LongPage: 300 full novels with reasoning traces for training better writing LLMs

Posted by Senior_Evidence_3793@reddit | LocalLLaMA | View on Reddit | 10 comments

Current LLMs struggle with long-form creative writing because they lack hierarchical planning. LongPage solves this by providing the reasoning scaffolds that were missing.

What it is:

300 complete books (Project Gutenberg classics) with full reasoning traces
40,000 to 600,000+ tokens per book
Multi-layered planning: character archetypes, story arcs, world rules, scene breakdowns
Rich structural metadata (dialogue density, pacing, narrative focus)

Why it matters: This is the "Chain of Thought for creative writing" - explicit reasoning traces showing models how to plan character development, plot progression, and maintain thematic coherence across entire books.

Training applications:

Cold-start SFT → RL workflows with 3-component structure (prompt, thinking, book)
Inference-time scaffolding using reasoning traces as plans
Hierarchical training: book-level plans → chapter expansions → scene continuations

Currently 300 books, scaling to 100K. All reasoning generated by Qwen3-32B with iterative agent validation across scene → chapter → book levels.

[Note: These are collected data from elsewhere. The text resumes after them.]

(* Let $p$ be a prime and let $\tau:\mathbb Z_p\to \mathbb Z/p[\![x]\!]^\times$ be the continuous homomorphism from the additive group of $p$-adic integers sending $\alpha$ to $(1-x)^\alpha$ (so $1\mapsto 1-x$). Let $K$ be the subfield of the field of formal Laurent series $\mathbb Z/p(\!(x)\!)$ generated by the image of $\tau$. Then the degree $[\mathbb Z/p(\!(x)\!):K]$ is uncountable.
   Context: In the paper $\mathbb Z_p$ is written multiplicatively as $C\otimes\mathbb Z_p=\{t^\alpha:\alpha\in\mathbb Z_p\}$ with $C=\langle t\rangle$ infinite cyclic, and $\tau(t^\alpha)=(1-x)^\alpha$; the homomorphism is well defined and continuous because $(1-x)^{p^i}=1-x^{p^i}$ in characteristic $p$. *)

From HB Require Import structures.
From mathcomp Require Import all_boot all_order all_algebra.
From mathcomp Require Import boolp zify.

Set Implicit Arguments.
Unset Strict Implicit.
Unset Printing Implicit Defensive.

Import GRing.Theory.
Local Open Scope ring_scope.

(* Formal power series R[[x]] over an integral domain R, with the Cauchy    *)
(* product; we equip it with an idomainType structure so that the field of  *)
(* formal Laurent series R((x)) can be taken as its fraction field.         *)
Section FPS.
Variable R : idomainType.

Record fps := FPS { coef : nat -> R }.

HB.instance Definition _ := gen_eqMixin fps.
HB.instance Definition _ := gen_choiceMixin fps.

Lemma fpsP (f g : fps) : (forall n, coef f n = coef g n) -> f = g.
Proof. by case: f => f; case: g => g /= h; congr FPS; apply: funext. Qed.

HF Link: https://huggingface.co/datasets/Pageshift-Entertainment/LongPage

Anyone working on long-form generation? Would love to hear what training approaches you're planning to try with this.

[-]

ohHesRightAgain@reddit

I'm really looking forward to seeing where this goes. Fantastic idea.

[-]

Free-Mud5520@reddit

What is the end goal with this one?

[-]

Interesting_Nerve_67@reddit

Noice

[-]

SnakeIsBetterThanGo@reddit

wow, cant wait to see what anthropic does with this

[-]

Senior_Evidence_3793@reddit (OP)

Lol, better be excited about what we are going to do with it 😉
We have big plans with it, big plans

[-]

XMasterDE@reddit

Looks amazing

[-]

Stepfunction@reddit

Is there a repo for the code used to prepare the dataset? That would be incredibly useful.

[-]

Senior_Evidence_3793@reddit (OP)

Not a repo, but we did include a dataset compose file
https://huggingface.co/datasets/Pageshift-Entertainment/LongPage/blob/main/exampel_compose.py

[-]

youarebritish@reddit

This is an interesting idea, but how have the reasoning traces been validated? In my experience, even frontier LLMs are terrible at fiction analysis. When prompted to analyze a subplot in even a very simple story that's not in its dataset, they have never once given me an answer I would give a passing grade to.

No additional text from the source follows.